The terms of reference were still being finalised, continued the statement, but the commission was expected to commence work today.

It would be chaired by Head of the Police Complaints Authority and former Chancellor of the Judiciary, Cecil Kennard, and its membership would comprise representatives from the Ministry of Home Affairs and the Guyana Defence Force (GDF), together with a security consultant and a retired senior prison officer, the release said.

Gajraj has expressed grave concern about the incident and has extended his condolences to Williams' family, said the release. The minister, it added, continued to receive complete updates regarding Winfield's condition.

GINA also said that the Guyana Police Force had launched a national manhunt for the escapees, and had alerted law enforcement officials in neighbouring countries. Citizens with any information which could lead to the escaped prisoners' recapture were asked to contact the nearest police station.

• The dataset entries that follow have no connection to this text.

Definition lbot {L : Type} (sup : (L -> Prop) -> L) : L := sup (fun _ => False).
Definition ltop {L : Type} (sup : (L -> Prop) -> L) : L := sup (fun _ => True).
Definition ljoin {L : Type} (sup : (L -> Prop) -> L) (a b : L) : L :=
  sup (fun x => x = a \/ x = b).
Definition linf {L : Type} (le : L -> L -> Prop) (sup : (L -> Prop) -> L)
    (P : L -> Prop) : L :=
  sup (fun x => forall y, P y -> le x y).
Definition lmeet {L : Type} (le : L -> L -> Prop) (sup : (L -> Prop) -> L)
    (a b : L) : L :=
  linf le sup (fun x => x = a \/ x = b).

Definition modular_lattice {L : Type} (le : L -> L -> Prop)
    (sup : (L -> Prop) -> L) : Prop :=
  forall a b c, le a c ->
    ljoin sup a (lmeet le sup b c) = lmeet le sup (ljoin sup a b) c.

(* upper continuity (Grothendieck's AB5 condition on subobjects):
   meets distribute over directed joins *)
Definition directed {L : Type} (le : L -> L -> Prop) (D : L -> Prop) : Prop :=
  (exists d, D d) /\
  (forall x y, D x -> D y -> exists z, D z /\ le x z /\ le y z).

Definition upper_continuous {L : Type} (le : L -> L -> Prop)
    (sup : (L -> Prop) -> L) : Prop :=
  forall (a : L) (D : L -> Prop), directed le D ->
    lmeet le sup a (sup D) = sup (fun x => exists d, D d /\ x = lmeet le sup a d).

Definition subobject_lattice_like {L : Type} (le : L -> L -> Prop)
    (sup : (L -> Prop) -> L) : Prop :=
  complete_lattice le sup /\ modular_lattice le sup /\ upper_continuous le sup.

(* ---------- ordinals: sigma is represented by a well-ordered type T
   (the set of ordinals < sigma); ordinals <= sigma are option T, with
   None standing for sigma itself ---------- *)
Definition well_order {T : Type} (lt : T -> T -> Prop) : Prop :=
  (forall x, ~ lt x x) /\
  (forall x y z, lt x y -> lt y z -> lt x z) /\
  (forall x y, x = y \/ lt x y \/ lt y x) /\
  well_founded lt.

Definition olt {T : Type} (lt : T -> T -> Prop) (a b : option T) : Prop :=
  match a, b with
  | Some x, Some y => lt x y
  | Some _, None => True
  | None, _ => False
  end.

Definition ole {T : Type} (lt : T -> T -> Prop) (a b : option T) : Prop :=
  a = b \/ olt lt a b.

Definition is_zero {T : Type} (lt : T -> T -> Prop) (b : option T) : Prop :=
  forall g, ~ olt lt g b.

Definition is_limit {T : Type} (lt : T -> T -> Prop) (mu : option T) : Prop :=
  (exists a, olt lt a mu) /\
  (forall a, olt lt a mu -> exists b, olt lt a b /\ olt lt b mu).

Definition is_succ {T : Type} (lt : T -> T -> Prop) (a : T) (b : option T) : Prop :=
  olt lt (Some a) b /\ (forall g, ~ (olt lt (Some a) g /\ olt lt g b)).

Definition filtration_data {L T : Type} (le : L -> L -> Prop)
    (sup : (L -> Prop) -> L) (lt : T -> T -> Prop)
    (X : option T -> L) (A : T -> L) : Prop :=
  (forall a b, ole lt a b -> le (X a) (X b)) /\
  (forall b, is_zero lt b -> X b = lbot sup) /\
  X None = ltop sup /\
  (forall mu, is_limit lt mu ->
     X mu = sup (fun x => exists a, olt lt a mu /\ x = X a)) /\
  (forall a b, is_succ lt a b -> X b = ljoin sup (X (Some a)) (A a)).
Theorem theorem3p8 (n l1 l2 : nat) (xs xh : nat -> nat -> R) (A : nat -> nat -> R) :
  (1 <= l1)%nat ->
  (invariant_cont n A (polyP n l1 l2 xs xh) <->
   exists Lt : nat -> nat -> R,
     (forall p q, (p < l1 + l2)%nat -> (q < l1 + l2)%nat -> p <> q -> 0 <= Lt p q) /\
     (forall k q, (k < n)%nat -> (q < l1 + l2)%nat ->
        rsum (l1 + l2) (fun p => Xmat l1 xs xh k p * Lt p q)
        = rsum n (fun j => A k j * Xmat l1 xs xh j q)) /\
     (forall q, (q < l1 + l2)%nat -> rsum l1 (fun p => Lt p q) = 0)).
Proof.
  intros Hl1; split.
  - intros Hinv.
    destruct (fin_choice (l1 + l2) (fun q c =>
        (forall p, (p < l1 + l2)%nat -> p <> q -> 0 <= c p) /\
        (forall k, (k < n)%nat -> mat_vec (l1 + l2) (Xmat l1 xs xh) c k
                                  = mat_vec n A (col (Xmat l1 xs xh) q) k) /\
        rsum l1 c = 0)) as [C HC].
    { intros q Hq; apply column_of_tangent_cone, tangent_cone; auto. }
    exists (fun p q => C q p); split; [|split]; intros; apply HC; auto.
  - intros [Lt [Hoff [HXL Hsum]]]; apply (invariant_of_metzler n l1 l2 xs xh A Lt); auto.
Qed.
(* Let $n\geq 1$ and $x^s\in\mathbb{C}^n\setminus\{0\}$. Define $g:\mathbb{C}^n\to\mathbb{R}$ by $$g(x)=\|x\|^4-\|x\|^2\|x^s\|^2-|\langle x,x^s\rangle|^2+\|x^s\|^4,$$ viewed as a smooth function of the $2n$ real coordinates of $x$ (identifying $\mathbb{C}^n$ with $\mathbb{R}^{2n}$). Then: (i) the set of points $x$ with $\nabla g(x)=0$ is exactly $E_1\cup E_2\cup E_3$, where $E_1=\{e^{i\theta}x^s:\theta\in\mathbb{R}\}$, $E_2=\{0\}$, and $E_3=\{x\in\mathbb{C}^n:\langle x^s,x\rangle=0,\ \|x\|=\|x^s\|/\sqrt{2}\}$; (ii) the set of points $x$ with $\nabla g(x)=0$ and $\nabla^2 g(x)\succeq 0$ (real Hessian positive semidefinite) is exactly $E_1$. In particular, $\nabla^2 g(0)\prec 0$ and, for every $x\in E_3$, the second derivative of $g$ at $x$ in the direction $x^s$ equals $-2\|x^s\|^4<0$.
   Context: $\langle u,v\rangle=\sum_i \overline{u_i}v_i$ denotes the standard Hermitian product on $\mathbb{C}^n$ and $\|\cdot\|$ the associated Euclidean norm. (In the paper, $g$ is the expectation of the phase-retrieval loss $f(x)=\frac{1}{2m}\sum_{k=1}^m(|\langle x,v_k\rangle|^2-|\langle x^s,v_k\rangle|^2)^2$ over independent standard complex Gaussian measurement vectors $v_k$.) *)

From HB Require Import structures.
From mathcomp Require Import all_boot all_order all_algebra.
From mathcomp Require Import all_classical all_reals all_analysis.
From mathcomp Require Import complex.
Set Implicit Arguments. Unset Strict Implicit. Unset Printing Implicit Defensive.
Import Order.TTheory GRing.Theory Num.Theory.
Import numFieldNormedType.Exports.
Local Open Scope ring_scope.
Local Open Scope complex_scope.

Section Defs.
Variable R : realType.
Variable n : nat.

Definition hprod (u v : 'rV[R[i]]_n) : R[i] := \sum_(j < n) (u 0 j)^* * v 0 j.

Definition cabs (z : R[i]) : R := Num.sqrt (complex.Re z ^+ 2 + complex.Im z ^+ 2).

Definition cnorm (x : 'rV[R[i]]_n) : R := Num.sqrt (complex.Re (hprod x x)).

Definition expi (t : R) : R[i] := cos t +i* sin t.

Definition gfun (xs x : 'rV[R[i]]_n) : R :=
  cnorm x ^+ 4 - cnorm x ^+ 2 * cnorm xs ^+ 2 - cabs (hprod x xs) ^+ 2
  + cnorm xs ^+ 4.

Gajraj has once before held an enquiry into a prison break-out, namely in 1999, following the escape of Maxwell 'Lunkie' Melville and three convicted prisoners, who scaled the wall of the Georgetown jail on the John Street side on August 29.

The minister subsequently convened a board of enquiry headed by Peter Willems, which found that there had been a breadkown of the custodial system in the prison on the day in question. It recommended that the surveillance cameras be activated, and extra barbed wire placed on top of the fence.